_WHAT THE TASK REQUIRES_. Please restate the data word for word, leaving out no line.

_GIVEN DATA_.
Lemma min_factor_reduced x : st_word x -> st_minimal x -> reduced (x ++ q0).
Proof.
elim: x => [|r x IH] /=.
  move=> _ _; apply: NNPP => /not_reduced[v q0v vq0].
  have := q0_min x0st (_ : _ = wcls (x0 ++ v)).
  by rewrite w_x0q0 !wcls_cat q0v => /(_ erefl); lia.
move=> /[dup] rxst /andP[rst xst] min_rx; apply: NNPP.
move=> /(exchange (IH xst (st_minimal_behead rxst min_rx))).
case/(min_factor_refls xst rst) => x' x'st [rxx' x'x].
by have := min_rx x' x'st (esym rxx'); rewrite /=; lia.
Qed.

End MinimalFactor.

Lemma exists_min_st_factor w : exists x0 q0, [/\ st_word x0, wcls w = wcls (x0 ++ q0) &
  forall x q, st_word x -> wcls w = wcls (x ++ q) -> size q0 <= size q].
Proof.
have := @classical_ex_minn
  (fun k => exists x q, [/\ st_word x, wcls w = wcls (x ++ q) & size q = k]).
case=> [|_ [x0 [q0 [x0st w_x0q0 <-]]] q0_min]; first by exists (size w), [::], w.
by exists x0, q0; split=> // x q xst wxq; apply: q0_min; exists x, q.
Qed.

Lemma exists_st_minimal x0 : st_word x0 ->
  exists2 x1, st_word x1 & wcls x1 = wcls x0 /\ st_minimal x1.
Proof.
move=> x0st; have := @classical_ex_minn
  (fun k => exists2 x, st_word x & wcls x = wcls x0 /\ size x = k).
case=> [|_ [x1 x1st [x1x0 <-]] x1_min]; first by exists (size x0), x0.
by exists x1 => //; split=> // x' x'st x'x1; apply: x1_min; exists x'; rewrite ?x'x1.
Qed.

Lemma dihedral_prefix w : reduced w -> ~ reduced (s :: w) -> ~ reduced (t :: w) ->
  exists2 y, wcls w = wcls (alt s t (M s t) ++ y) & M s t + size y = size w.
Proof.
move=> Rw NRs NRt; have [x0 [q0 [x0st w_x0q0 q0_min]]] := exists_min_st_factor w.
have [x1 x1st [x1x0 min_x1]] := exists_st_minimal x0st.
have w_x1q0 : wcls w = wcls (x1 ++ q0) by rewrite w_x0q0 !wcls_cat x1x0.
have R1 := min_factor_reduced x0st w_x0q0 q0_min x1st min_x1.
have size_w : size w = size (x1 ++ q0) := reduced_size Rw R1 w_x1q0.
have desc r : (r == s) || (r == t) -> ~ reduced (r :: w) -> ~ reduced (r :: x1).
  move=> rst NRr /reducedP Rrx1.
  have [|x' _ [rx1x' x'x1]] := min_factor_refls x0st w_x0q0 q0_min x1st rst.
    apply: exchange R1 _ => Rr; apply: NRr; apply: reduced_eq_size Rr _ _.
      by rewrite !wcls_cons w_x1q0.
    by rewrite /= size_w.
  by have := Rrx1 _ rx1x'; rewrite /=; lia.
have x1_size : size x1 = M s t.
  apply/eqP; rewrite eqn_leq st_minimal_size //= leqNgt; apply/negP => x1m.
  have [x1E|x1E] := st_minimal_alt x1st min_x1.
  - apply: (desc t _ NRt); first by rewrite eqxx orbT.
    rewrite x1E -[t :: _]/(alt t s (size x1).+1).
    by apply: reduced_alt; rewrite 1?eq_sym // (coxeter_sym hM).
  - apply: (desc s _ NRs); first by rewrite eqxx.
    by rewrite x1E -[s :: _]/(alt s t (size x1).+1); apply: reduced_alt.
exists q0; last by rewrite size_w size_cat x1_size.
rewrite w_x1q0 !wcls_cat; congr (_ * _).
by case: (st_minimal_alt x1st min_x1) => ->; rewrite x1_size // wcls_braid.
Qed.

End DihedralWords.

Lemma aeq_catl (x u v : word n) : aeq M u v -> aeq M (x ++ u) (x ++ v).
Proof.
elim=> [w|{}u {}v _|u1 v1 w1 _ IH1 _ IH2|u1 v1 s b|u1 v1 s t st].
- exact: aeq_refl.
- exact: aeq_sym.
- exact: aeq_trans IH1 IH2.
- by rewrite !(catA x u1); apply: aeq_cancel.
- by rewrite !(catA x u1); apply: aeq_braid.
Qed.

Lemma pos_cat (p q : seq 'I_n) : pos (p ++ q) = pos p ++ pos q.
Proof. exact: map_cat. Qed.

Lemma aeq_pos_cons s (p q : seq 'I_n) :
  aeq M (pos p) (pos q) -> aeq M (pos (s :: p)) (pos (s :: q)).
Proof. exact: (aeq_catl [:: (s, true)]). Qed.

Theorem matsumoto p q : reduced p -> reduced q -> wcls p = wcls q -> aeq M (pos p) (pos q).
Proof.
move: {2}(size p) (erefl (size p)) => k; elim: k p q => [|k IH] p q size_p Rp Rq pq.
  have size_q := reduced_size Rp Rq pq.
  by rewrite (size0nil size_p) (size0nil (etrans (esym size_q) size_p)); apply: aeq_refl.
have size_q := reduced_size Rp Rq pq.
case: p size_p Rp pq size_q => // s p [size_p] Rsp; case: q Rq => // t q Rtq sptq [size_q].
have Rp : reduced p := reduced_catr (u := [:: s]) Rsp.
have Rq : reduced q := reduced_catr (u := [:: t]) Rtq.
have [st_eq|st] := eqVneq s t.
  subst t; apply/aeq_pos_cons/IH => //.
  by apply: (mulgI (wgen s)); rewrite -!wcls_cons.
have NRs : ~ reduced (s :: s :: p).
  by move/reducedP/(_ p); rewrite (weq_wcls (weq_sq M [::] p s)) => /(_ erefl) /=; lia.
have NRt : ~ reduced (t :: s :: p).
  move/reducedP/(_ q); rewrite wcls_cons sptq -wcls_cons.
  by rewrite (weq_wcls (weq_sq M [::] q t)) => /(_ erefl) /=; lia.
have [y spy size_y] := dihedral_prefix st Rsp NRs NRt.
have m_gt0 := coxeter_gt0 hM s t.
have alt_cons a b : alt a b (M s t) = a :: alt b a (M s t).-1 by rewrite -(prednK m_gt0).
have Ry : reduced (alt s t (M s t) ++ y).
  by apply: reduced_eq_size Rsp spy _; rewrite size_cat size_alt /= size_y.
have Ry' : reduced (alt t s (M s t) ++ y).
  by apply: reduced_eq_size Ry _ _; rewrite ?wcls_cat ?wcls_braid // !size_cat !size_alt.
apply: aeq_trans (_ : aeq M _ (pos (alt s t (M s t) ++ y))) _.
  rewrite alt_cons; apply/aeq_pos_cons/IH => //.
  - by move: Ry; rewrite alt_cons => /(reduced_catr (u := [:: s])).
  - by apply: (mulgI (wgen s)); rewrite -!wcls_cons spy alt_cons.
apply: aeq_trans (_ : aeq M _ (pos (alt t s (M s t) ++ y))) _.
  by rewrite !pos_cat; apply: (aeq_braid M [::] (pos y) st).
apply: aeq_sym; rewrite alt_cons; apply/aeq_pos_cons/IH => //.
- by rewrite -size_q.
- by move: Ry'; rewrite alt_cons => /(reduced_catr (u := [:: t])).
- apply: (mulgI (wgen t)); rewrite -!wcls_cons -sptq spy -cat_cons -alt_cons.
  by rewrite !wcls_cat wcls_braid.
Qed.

_YOUR RESPONSE_.
Lemma min_factor_reduced x : st_word x -> st_minimal x -> reduced (x ++ q0).
Proof.
elim: x => [|r x IH] /=.
  move=> _ _; apply: NNPP => /not_reduced[v q0v vq0].
  have := q0_min x0st (_ : _ = wcls (x0 ++ v)).
  by rewrite w_x0q0 !wcls_cat q0v => /(_ erefl); lia.
move=> /[dup] rxst /andP[rst xst] min_rx; apply: NNPP.
move=> /(exchange (IH xst (st_minimal_behead rxst min_rx))).
case/(min_factor_refls xst rst) => x' x'st [rxx' x'x].
by have := min_rx x' x'st (esym rxx'); rewrite /=; lia.
Qed.

End MinimalFactor.

Lemma exists_min_st_factor w : exists x0 q0, [/\ st_word x0, wcls w = wcls (x0 ++ q0) &
  forall x q, st_word x -> wcls w = wcls (x ++ q) -> size q0 <= size q].
Proof.
have := @classical_ex_minn
  (fun k => exists x q, [/\ st_word x, wcls w = wcls (x ++ q) & size q = k]).
case=> [|_ [x0 [q0 [x0st w_x0q0 <-]]] q0_min]; first by exists (size w), [::], w.
by exists x0, q0; split=> // x q xst wxq; apply: q0_min; exists x, q.
Qed.

Lemma exists_st_minimal x0 : st_word x0 ->
  exists2 x1, st_word x1 & wcls x1 = wcls x0 /\ st_minimal x1.
Proof.
move=> x0st; have := @classical_ex_minn
  (fun k => exists2 x, st_word x & wcls x = wcls x0 /\ size x = k).
case=> [|_ [x1 x1st [x1x0 <-]] x1_min]; first by exists (size x0), x0.
by exists x1 => //; split=> // x' x'st x'x1; apply: x1_min; exists x'; rewrite ?x'x1.
Qed.

Lemma dihedral_prefix w : reduced w -> ~ reduced (s :: w) -> ~ reduced (t :: w) ->
  exists2 y, wcls w = wcls (alt s t (M s t) ++ y) & M s t + size y = size w.
Proof.
move=> Rw NRs NRt; have [x0 [q0 [x0st w_x0q0 q0_min]]] := exists_min_st_factor w.
have [x1 x1st [x1x0 min_x1]] := exists_st_minimal x0st.
have w_x1q0 : wcls w = wcls (x1 ++ q0) by rewrite w_x0q0 !wcls_cat x1x0.
have R1 := min_factor_reduced x0st w_x0q0 q0_min x1st min_x1.
have size_w : size w = size (x1 ++ q0) := reduced_size Rw R1 w_x1q0.
have desc r : (r == s) || (r == t) -> ~ reduced (r :: w) -> ~ reduced (r :: x1).
  move=> rst NRr /reducedP Rrx1.
  have [|x' _ [rx1x' x'x1]] := min_factor_refls x0st w_x0q0 q0_min x1st rst.
    apply: exchange R1 _ => Rr; apply: NRr; apply: reduced_eq_size Rr _ _.
      by rewrite !wcls_cons w_x1q0.
    by rewrite /= size_w.
  by have := Rrx1 _ rx1x'; rewrite /=; lia.
have x1_size : size x1 = M s t.
  apply/eqP; rewrite eqn_leq st_minimal_size //= leqNgt; apply/negP => x1m.
  have [x1E|x1E] := st_minimal_alt x1st min_x1.
  - apply: (desc t _ NRt); first by rewrite eqxx orbT.
    rewrite x1E -[t :: _]/(alt t s (size x1).+1).
    by apply: reduced_alt; rewrite 1?eq_sym // (coxeter_sym hM).
  - apply: (desc s _ NRs); first by rewrite eqxx.
    by rewrite x1E -[s :: _]/(alt s t (size x1).+1); apply: reduced_alt.
exists q0; last by rewrite size_w size_cat x1_size.
rewrite w_x1q0 !wcls_cat; congr (_ * _).
by case: (st_minimal_alt x1st min_x1) => ->; rewrite x1_size // wcls_braid.
Qed.

End DihedralWords.

Lemma aeq_catl (x u v : word n) : aeq M u v -> aeq M (x ++ u) (x ++ v).
Proof.
elim=> [w|{}u {}v _|u1 v1 w1 _ IH1 _ IH2|u1 v1 s b|u1 v1 s t st].
- exact: aeq_refl.
- exact: aeq_sym.
- exact: aeq_trans IH1 IH2.
- by rewrite !(catA x u1); apply: aeq_cancel.
- by rewrite !(catA x u1); apply: aeq_braid.
Qed.

Lemma pos_cat (p q : seq 'I_n) : pos (p ++ q) = pos p ++ pos q.
Proof. exact: map_cat. Qed.

Lemma aeq_pos_cons s (p q : seq 'I_n) :
  aeq M (pos p) (pos q) -> aeq M (pos (s :: p)) (pos (s :: q)).
Proof. exact: (aeq_catl [:: (s, true)]). Qed.

Theorem matsumoto p q : reduced p -> reduced q -> wcls p = wcls q -> aeq M (pos p) (pos q).
Proof.
move: {2}(size p) (erefl (size p)) => k; elim: k p q => [|k IH] p q size_p Rp Rq pq.
  have size_q := reduced_size Rp Rq pq.
  by rewrite (size0nil size_p) (size0nil (etrans (esym size_q) size_p)); apply: aeq_refl.
have size_q := reduced_size Rp Rq pq.
case: p size_p Rp pq size_q => // s p [size_p] Rsp; case: q Rq => // t q Rtq sptq [size_q].
have Rp : reduced p := reduced_catr (u := [:: s]) Rsp.
have Rq : reduced q := reduced_catr (u := [:: t]) Rtq.
have [st_eq|st] := eqVneq s t.
  subst t; apply/aeq_pos_cons/IH => //.
  by apply: (mulgI (wgen s)); rewrite -!wcls_cons.
have NRs : ~ reduced (s :: s :: p).
  by move/reducedP/(_ p); rewrite (weq_wcls (weq_sq M [::] p s)) => /(_ erefl) /=; lia.
have NRt : ~ reduced (t :: s :: p).
  move/reducedP/(_ q); rewrite wcls_cons sptq -wcls_cons.
  by rewrite (weq_wcls (weq_sq M [::] q t)) => /(_ erefl) /=; lia.
have [y spy size_y] := dihedral_prefix st Rsp NRs NRt.
have m_gt0 := coxeter_gt0 hM s t.
have alt_cons a b : alt a b (M s t) = a :: alt b a (M s t).-1 by rewrite -(prednK m_gt0).
have Ry : reduced (alt s t (M s t) ++ y).
  by apply: reduced_eq_size Rsp spy _; rewrite size_cat size_alt /= size_y.
have Ry' : reduced (alt t s (M s t) ++ y).
  by apply: reduced_eq_size Ry _ _; rewrite ?wcls_cat ?wcls_braid // !size_cat !size_alt.
apply: aeq_trans (_ : aeq M _ (pos (alt s t (M s t) ++ y))) _.
  rewrite alt_cons; apply/aeq_pos_cons/IH => //.
  - by move: Ry; rewrite alt_cons => /(reduced_catr (u := [:: s])).
  - by apply: (mulgI (wgen s)); rewrite -!wcls_cons spy alt_cons.
apply: aeq_trans (_ : aeq M _ (pos (alt t s (M s t) ++ y))) _.
  by rewrite !pos_cat; apply: (aeq_braid M [::] (pos y) st).
apply: aeq_sym; rewrite alt_cons; apply/aeq_pos_cons/IH => //.
- by rewrite -size_q.
- by move: Ry'; rewrite alt_cons => /(reduced_catr (u := [:: t])).
- apply: (mulgI (wgen t)); rewrite -!wcls_cons -sptq spy -cat_cons -alt_cons.
  by rewrite !wcls_cat wcls_braid.
Qed.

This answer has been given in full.